Some people can’t experience it in the same way, though. One person going through the effects of the closure is Dylan Wilson (10) of Lincoln High. As a member of the local band scene and a frequent guest at these venues, he is disappointed by the lack of a tight-knit community during quarantine. 

“The crowd [at the shows] is super cool and friendly. It sucks not feeling the warm welcome that everyone is used to anymore,” Wilson said.

Students take pride in the bond they share with those who go to these types of events. Without them, they lose a part of themselves that once flourished.

But there is hope beyond the pandemic. Once the outbreak has reached a stopping point, shows and events from places like The Bay and The Mez will most likely continue. This is the same for many other places across the globe. While some groups have cancelled all of their shows due to health concerns, bands all over the country, both big and small, have planned to reschedule their shows and tours to autumn and early winter. Festivals like Coachella are taking a similar approach. They decided to move their two-weekend event from the expected date of April to October of this year.

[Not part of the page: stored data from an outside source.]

Lemma Fp_int_mul p N e : (1 <= p)%nat ->
  (Z.abs N <= 2 ^ Z.of_nat p)%Z -> Fp p (IZR N * bpow e).
Proof.
  intros Hp HN. destruct (Z_lt_le_dec (Z.abs N) (2 ^ Z.of_nat p)) as [Hlt | Hge].
  { now apply Fp_int_mul_lt. }
  assert (Hp2 : (2 ^ Z.of_nat p = 2 * 2 ^ (Z.of_nat p - 1))%Z).
  { rewrite <- Z.pow_succ_r by lia. f_equal. lia. }
  assert (Hhalf : (0 < 2 ^ (Z.of_nat p - 1))%Z) by (apply Z.pow_pos_nonneg; lia).
  set (Nhalf := (Z.sgn N * 2 ^ (Z.of_nat p - 1))%Z).
  assert (HN2 : N = (Nhalf * 2 ^ (e + 1 - e))%Z).
  { replace (e + 1 - e)%Z with 1%Z by ring. unfold Nhalf.
    destruct (Z.sgn_spec N) as [[HN0 ->] | [[HN0 ->] | [HN0 ->]]]; lia. }
  rewrite HN2, <- mul_bpow_change_exp by lia.
  apply Fp_int_mul_lt. unfold Nhalf.
  destruct (Z.sgn_spec N) as [[_ ->] | [[_ ->] | [_ ->]]]; lia.
Qed.

Lemma Rabs_repr_bounds p M e :
  (2 ^ (Z.of_nat p - 1) <= Z.abs M < 2 ^ Z.of_nat p)%Z -> (1 <= p)%nat ->
  bpow (Z.of_nat p - 1 + e) <= Rabs (IZR M * bpow e) < bpow (Z.of_nat p + e).
Proof.
  intros [H1 H2] Hp. pose proof (bpow_pos e).
  rewrite Rabs_mul_bpow, !bpow_plus, (bpow_IZR (Z.of_nat p - 1)), (bpow_IZR (Z.of_nat p)) by lia.
  apply IZR_le in H1. apply IZR_lt in H2. split; nra.
Qed.

Lemma ufp_eq x k : bpow k <= Rabs x < bpow (k + 1) -> ufp x = bpow k.
Proof.
  intros [H1 H2]. unfold ufp. f_equal.
  pose proof (bpow_pos k) as Hk.
  assert (Hln2 : 0 < ln 2) by (rewrite <- ln_1; apply ln_increasing; lra).
  assert (Hln : forall z, ln (bpow z) = IZR z * ln 2).
  { intros z. rewrite powerRZ_Rpower by lra. apply ln_exp. }
  assert (A1 : IZR k * ln 2 <= ln (Rabs x)).
  { rewrite <- Hln. destruct H1 as [H1 | <-]; [apply Rlt_le, ln_increasing|]; lra. }
  assert (A2 : ln (Rabs x) < IZR (k + 1) * ln 2).
  { rewrite <- Hln. apply ln_increasing; lra. }
  unfold Int_part. rewrite <- (up_tech _ k); [ring | |].
  - apply Rmult_le_reg_r with (ln 2); [easy|]. field_simplify; lra.
  - apply Rmult_lt_reg_r with (ln 2); [easy|]. field_simplify; lra.
Qed.

Lemma ufp_repr p M e :
  (2 ^ (Z.of_nat p - 1) <= Z.abs M < 2 ^ Z.of_nat p)%Z -> (1 <= p)%nat ->
  ufp (IZR M * bpow e) = bpow (Z.of_nat p - 1 + e).
Proof.
  intros HM Hp. apply ufp_eq.
  replace (Z.of_nat p - 1 + e + 1)%Z with (Z.of_nat p + e)%Z by ring.
  now apply Rabs_repr_bounds.
Qed.

Lemma ulp_repr p M e :
  (2 ^ (Z.of_nat p - 1) <= Z.abs M < 2 ^ Z.of_nat p)%Z -> (1 <= p)%nat ->
  ulp p (IZR M * bpow e) = bpow e.
Proof.
  intros HM Hp. unfold ulp. rewrite (ufp_repr p), <- bpow_plus by easy.
  f_equal. ring.
Qed.

Lemma exists_transition (Q : nat -> Prop) m : Q 0%nat -> ~ Q m -> exists n, Q n /\ ~ Q (S n).
Proof.
  induction m as [|m IH]; intros H0 Hm; [contradiction|].
  destruct (classic (Q m)); [now exists m | now apply IH].
Qed.

(* The predicate chosen in [uls] is satisfiable: for x = M 2^e the 2-adic valuation of x
   lies between e and e + p - 1, as 2^p does not divide M. *)
Lemma uls_divides p x : (1 <= p)%nat -> Fp p x -> x <> 0 ->
  exists k z, uls x = bpow k /\ x = IZR z * bpow k.
Proof.
  intros Hp Fx Hx. destruct (Fp_nonzero_repr p x Hp Fx Hx) as (M & e & -> & H1 & H2).
  set (Val := fun k => is_int (IZR M * bpow e / bpow k) /\ ~ is_int (IZR M * bpow e / bpow (k + 1))).
  set (Q := fun n : nat => is_int (IZR M * bpow e / bpow (e + Z.of_nat n))).
  assert (HQ0 : Q 0%nat).
  { exists M. replace (e + Z.of_nat 0)%Z with e by lia. field. apply Rgt_not_eq, bpow_pos. }
  assert (HQp : ~ Q p).
  { intros [z Hz]. rewrite bpow_plus, (bpow_IZR (Z.of_nat p)) in Hz by lia.
    pose proof (bpow_pos e).
    assert (Hpow : (0 < 2 ^ Z.of_nat p)%Z) by (apply Z.pow_pos_nonneg; lia).
    assert (HMz : IZR M = IZR (z * 2 ^ Z.of_nat p)).
    { rewrite mult_IZR, <- Hz. field. split; [apply not_0_IZR; lia | lra]. }
    apply eq_IZR in HMz. subst M.
    rewrite Z.abs_mul, (Z.abs_eq (2 ^ _)) in H1, H2 by lia.
    assert (0 < 2 ^ (Z.of_nat p - 1))%Z by (apply Z.pow_pos_nonneg; lia).
    destruct (Z.eq_dec z 0) as [-> | Hz0]; [lia|].
    assert (1 * 2 ^ Z.of_nat p <= Z.abs z * 2 ^ Z.of_nat p)%Z
      by (apply Z.mul_le_mono_nonneg_r; lia).
    lia. }
  assert (Hval : exists k, Val k).
  { destruct (exists_transition Q p HQ0 HQp) as (n & Hn & HSn).
    exists (e + Z.of_nat n)%Z. split; [easy|].
    now replace (e + Z.of_nat n + 1)%Z with (e + Z.of_nat (S n))%Z by lia. }
  destruct (epsilon_spec (inhabits 0%Z) Val Hval) as [[z Hz] _].
  exists (epsilon (inhabits 0%Z) Val), z. split; [easy|].
  rewrite <- Hz. field. apply Rgt_not_eq, bpow_pos.
Qed.

Lemma faithful_Fp p y f : faithful p y f -> Fp p f.
Proof. now intros [[Hf _] | [Hf _]]. Qed.

Lemma faithful_between p y f g1 g2 : faithful p y f -> Fp p g1 -> Fp p g2 ->
  g1 <= y <= g2 -> g1 <= f <= g2.
Proof.
  intros [(_ & Hfy & Hmax) | (_ & Hyf & Hmin)] F1 F2 Hy.
  - split; [apply Hmax | ]; (easy || lra).
  - split; [ | apply Hmin]; (easy || lra).
Qed.

Lemma faithful_exact p y f : faithful p y f -> Fp p y -> f = y.
Proof.
  intros Hf Fy. pose proof (faithful_between p y f y y Hf Fy Fy). lra.
Qed.

Lemma Fp_large_on_grid p g k : (1 <= p)%nat -> Fp p g -> bpow k <= Rabs g ->
  exists N, g = IZR N * bpow (k - Z.of_nat p + 1).
Proof.
  intros Hp Fg Hg.
  assert (Hg0 : g <> 0).
  { intros ->. rewrite Rabs_R0 in Hg. pose proof (bpow_pos k). lra. }
  destruct (Fp_nonzero_repr p g Hp Fg Hg0) as (M & e & -> & HM).
  pose proof (Rabs_repr_bounds p M e HM Hp) as [_ Hlt].
  assert (Hke : (k < Z.of_nat p + e)%Z).
  { destruct (Z_lt_le_dec k (Z.of_nat p + e)) as [|Hle]; [easy|].
    apply bpow_le in Hle. lra. }
  exists (M * 2 ^ (e - (k - Z.of_nat p + 1)))%Z. apply mul_bpow_change_exp. lia.
Qed.

Lemma faithful_on_grid p Y e y f : (1 <= p)%nat ->
  y = IZR Y * bpow e -> (Z.abs Y < 2 * 2 ^ Z.of_nat p)%Z -> faithful p y f ->
  exists S, f = IZR S * bpow e /\ (Z.abs (S - Y) <= 1)%Z.
Proof.
  intros Hp Hy HY Hf.
  assert (Hdouble : forall W, IZR W * bpow (e + 1) = IZR (2 * W) * bpow e).
  { intros W. rewrite (mul_bpow_change_exp W (e + 1) e) by lia.
    replace (e + 1 - e)%Z with 1%Z by ring. do 2 f_equal. ring. }
  assert (Hexact : Fp p y -> exists S, f = IZR S * bpow e /\ (Z.abs (S - Y) <= 1)%Z).
  { intros Fy. exists Y. rewrite (faithful_exact p y f Hf Fy), Hy. split; [easy | lia]. }
  destruct (Z_le_gt_dec (Z.abs Y) (2 ^ Z.of_nat p)) as [Hsmall | Hlarge].
  { apply Hexact. rewrite Hy. now apply Fp_int_mul. }
  destruct (Z.Even_or_Odd Y) as [[W HW] | [W HW]].
  { apply Hexact. rewrite Hy, HW, <- Hdouble. apply Fp_int_mul; lia. }
  (* Y odd, |Y| > 2^p: f lies between the floats (Y - 1) 2^e and (Y + 1) 2^e,
     and floats that large are multiples of 2^(e+1). *)
  assert (Hbetween : IZR (Y - 1) * bpow e <= f <= IZR (Y + 1) * bpow e).
  { pose proof (bpow_pos e).
    apply (faithful_between p y); [easy | | | ].
    - replace (Y - 1)%Z with (2 * W)%Z by lia. rewrite <- Hdouble. apply Fp_int_mul; lia.
    - replace (Y + 1)%Z with (2 * (W + 1))%Z by lia. rewrite <- Hdouble. apply Fp_int_mul; lia.
    - rewrite Hy. split; apply Rmult_le_compat_r; try lra; apply IZR_le; lia. }
  assert (Hbig : bpow (Z.of_nat p + e) <= Rabs f).
  { pose proof (bpow_pos e). rewrite bpow_plus, bpow_IZR by lia.
    destruct (Z_lt_le_dec 0 Y) as [Hpos | Hneg].
    - assert (IZR (2 ^ Z.of_nat p) <= IZR (Y - 1)) by (apply IZR_le; lia).
      pose proof (Rle_abs f). nra.
    - assert (IZR (Y + 1) <= - IZR (2 ^ Z.of_nat p)) by (rewrite <- opp_IZR; apply IZR_le; lia).
      pose proof (Rle_abs (- f)). rewrite Rabs_Ropp in *. nra. }
  destruct (Fp_large_on_grid p f (Z.of_nat p + e) Hp (faithful_Fp p y f Hf) Hbig) as [N HN].
  replace (Z.of_nat p + e - Z.of_nat p + 1)%Z with (e + 1)%Z in HN by ring.
  rewrite Hdouble in HN. rewrite HN in Hbetween. destruct Hbetween as [B1 B2].
  apply mul_bpow_le_inv in B1, B2.
  exists (2 * N)%Z. split; [easy | lia].
Qed.

Lemma Fp_operands_on_common_grid p a b : (1 <= p)%nat ->
  Fp p a -> Fp p b -> a <> 0 -> b <> 0 ->
  ufp a <= ufp b -> uls a >= ulp p b ->
  exists e A B, a = IZR A * bpow e /\ b = IZR B * bpow e /\
    (Z.abs A < 2 ^ Z.of_nat p)%Z /\ (Z.abs B < 2 ^ Z.of_nat p)%Z.
Proof.
  intros Hp Fa Fb Ha Hb Hufp Huls.
  destruct (uls_divides p a Hp Fa Ha) as (k & z & Hk & Haz).
  destruct (Fp_nonzero_repr p a Hp Fa Ha) as (Ma & ea & Hea & HMa).
  destruct (Fp_nonzero_repr p b Hp Fb Hb) as (Mb & eb & -> & HMb).
  rewrite (ulp_repr p), Hk in Huls by easy.
  apply Rge_le, bpow_le_inv in Huls.
  rewrite Hea, !(ufp_repr p) in Hufp by easy.
  apply bpow_le_inv in Hufp.
  exists eb, (z * 2 ^ (k - eb))%Z, Mb.
  rewrite <- mul_bpow_change_exp by easy.
  split; [easy | split; [easy | split; [ | lia]]].
  apply mul_bpow_lt_inv with eb.
  rewrite <- Rabs_mul_bpow, <- (mul_bpow_change_exp z k eb), <- Haz, Hea by easy.
  rewrite <- bpow_IZR, <- bpow_plus by lia.
  eapply Rlt_le_trans; [apply (Rabs_repr_bounds p Ma ea HMa Hp) | apply bpow_le; lia].
Qed.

All of this goes to show just how much people care about each other in the community. In order to not compromise others’ health, many people had to sacrifice doing things they enjoy the most in this city. Even people responsible for the art venues themselves. But thankfully, people are retaining their creativity and openness to expression.

“Unfortunately, quarantine has physically removed [many students] from the local art scene,” Khagen said. “On the internet, though, I’ve seen an increase of both content generation and consumption; an explosion of spurious livestreams, fresh art content and explorative new firsts have come out of this free time. It’s awesome in that way, and I think it could result in a great community resurgence when things are said and done. It’s just a matter of time.”